Python 如何从 tf.data.Dataset 中提取一些项目而不从第一个项目开始

发布于06月23日

我正在学习Udacity的Intro to TensorFlow for Deep Learning门课程.其中一节课是通过一个Google Colab笔记本来学习如何使用Fashion MNIST数据集(Colab和GitHub个链接).

显示数据集中的图像时，代码总是使用NumPy方法take()提取第一个图像.我想知道如何访问数据集的不同部分，但我对Python的知识还不够.

第一个例子是:

# Take a single image, and remove the color dimension by reshaping
for image, label in test_dataset.take(1):
  break;

image = image.numpy().reshape((28,28))

我该怎么做才能只拿第二个？

通过阅读this question的一些答案，我发现了skip()方法，但它似乎需要所有元素，直到结束，但我只想提取几个项目，在本例中仅提取一个.

第二个例子是:

plt.figure(figsize=(10,10))
for i, (image, label) in enumerate(train_dataset.take(25)):
    image = image.numpy().reshape((28,28))
    plt.subplot(5,5,i+1)
    plt.xticks([])
    plt.yticks([])
    plt.grid(False)
    plt.imshow(image, cmap=plt.cm.binary)
    plt.xlabel(class_names[label])
plt.show()

这一条包含了前25条:我如何开始阅读第100条的图像？

在第三个也是最后一个例子中，他们做了一件非常相似的事情:

for test_images, test_labels in test_dataset.take(1):
  test_images = test_images.numpy()
  test_labels = test_labels.numpy()
  predictions = model.predict(test_images)

如何从第二批或第三批数据开始？

import tensorflow_datasets as tfds import tensorflow as tf import matplotlib.pyplot as plt import numpy as np dataset = tfds.load('fashion_mnist', as_supervised=True, split = 'train').batch(100) class_names = ['T-shirt/top', 'Trouser', 'Pullover', 'Dress', 'Coat', 'Sandal', 'Shirt', 'Sneaker', 'Bag', 'Ankle boot'] for iter, (image, label) in enumerate(dataset.skip(1).take(2)): print(f"{1*(iter+1)}01 -> {1*(iter+1)}10 images") fig, axes = plt.subplots(2,5,figsize=(15,6)) for idx, axe in enumerate(axes.flatten()): axe.axis('off') axe.imshow(image[idx][...,0]) axe.set_title(class_names[label[idx]]) plt.show() print()

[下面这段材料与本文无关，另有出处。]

(* Let $H$ be a finite-dimensional real Hilbert space and let $A = A_1 + A_2$, where $A_1, A_2: H\to H$ are linear operators with $A_1 = A_2^*$, and $A=A^*>0$. Let $\sigma\ge 1/4$, $\tau>0$, let $y^0,y^1\in H$ be arbitrary and $\varphi^n\in H$. Let $y^{n+1}$, $n\ge1$, be defined by the scheme $$G\,\frac{y^{n+1}-2y^n+y^{n-1}}{\tau^2} + A y^n = \varphi^n,\quad n=1,2,\dots,\qquad G = (E+\sigma\tau^2A_1)(E+\sigma\tau^2A_2).$$ Define $$R = E + \Big(\sigma-\frac14\Big)\tau^2 A + \sigma^2\tau^4 A_1A_2,\qquad \mathcal{E}_{n} = \left\|\frac{y^{n}+y^{n-1}}{2}\right\|_A^2 + \left\|\frac{y^{n}-y^{n-1}}{\tau}\right\|_{R}^2,\quad n\ge1 .$$ Then $R = R^* \ge E$, and for every $n\ge1$, regardless of $\tau$, $$\mathcal{E}_{n+1} \le \exp(\tau)\,\mathcal{E}_n + \exp(0.75\,\tau)\,\tau\,\|\varphi^n\|^2_{R^{-1}} .$$
   Context: $H$ has scalar product $(\cdot,\cdot)$ and norm $\|y\|=(y,y)^{1/2}$; $A^*$ denotes the adjoint. For a self-adjoint positive definite operator $D$ on $H$, $\|y\|_D = (Dy,y)^{1/2}$; in particular $\|\varphi\|^2_{R^{-1}} = (R^{-1}\varphi,\varphi)$. $E$ denotes the identity operator on $H$, and $D_1\ge D_2$ means $(D_1y,y)\ge(D_2y,y)$ for all $y\in H$. *)

(* The finite-dimensional real Hilbert space H is modelled as R^n with the
   standard inner product; vectors are nat -> R (only indices < n matter),
   linear operators are n x n matrices nat -> nat -> R. *)
From Stdlib Require Import Reals ClassicalEpsilon.
Open Scope R_scope.

Definition vec := nat -> R.
Definition mat := nat -> nat -> R.

Fixpoint rsum (n : nat) (f : nat -> R) : R :=
  match n with O => 0 | S k => rsum k f + f k end.

Definition ip (n : nat) (u v : vec) : R := rsum n (fun i => u i * v i).

Definition vadd (u v : vec) : vec := fun i => u i + v i.
Definition vsub (u v : vec) : vec := fun i => u i - v i.
Definition vscale (c : R) (u : vec) : vec := fun i => c * u i.

Definition mv (n : nat) (M : mat) (v : vec) : vec :=
  fun i => rsum n (fun j => M i j * v j).
Definition mm (n : nat) (M N : mat) : mat :=
  fun i j => rsum n (fun k => M i k * N k j).
Definition madd (M N : mat) : mat := fun i j => M i j + N i j.
Definition mscale (c : R) (M : mat) : mat := fun i j => c * M i j.
Definition ident : mat := fun i j => if Nat.eqb i j then 1 else 0.
Definition adj (M : mat) : mat := fun i j => M j i.

Definition veq (n : nat) (u v : vec) : Prop := forall i, (i < n)%nat -> u i = v i.
Definition meq (n : nat) (M N : mat) : Prop :=
  forall i j, (i < n)%nat -> (j < n)%nat -> M i j = N i j.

Python 如何从 tf.data.Dataset 中提取一些项目而不从第一个项目开始

推荐答案

Python相关问答推荐

Pydantic 2.7.0模型接受字符串日期时间或无

Python daskValue错误：无法识别的区块管理器dask -必须是以下之一：[]

如何使用symy打印方程？

PywinAuto在Windows 11上引发了Memory错误，但在Windows 10上未引发

Pandas 都是()，但有一个门槛

按顺序合并2个词典列表

如何使用数组的最小条目拆分数组

Pandas DataFrame中行之间的差异

让函数调用方程

在两极中过滤

找到相对于列表索引的当前最大值列表""

解决Geopandas和Altair中的正图和投影问题

有没有办法让Re.Sub报告它所做的每一次替换？

如何设置nan值为numpy数组多条件

如何提高Pandas DataFrame中随机列 Select 和分配的效率？

用0填充没有覆盖范围的垃圾箱

如何在Polars中创建条件增量列？

来自任务调度程序的作为系统的Python文件

GEKKO中若干参数的线性插值动态优化

如何将参数名作为参数传入到函数中？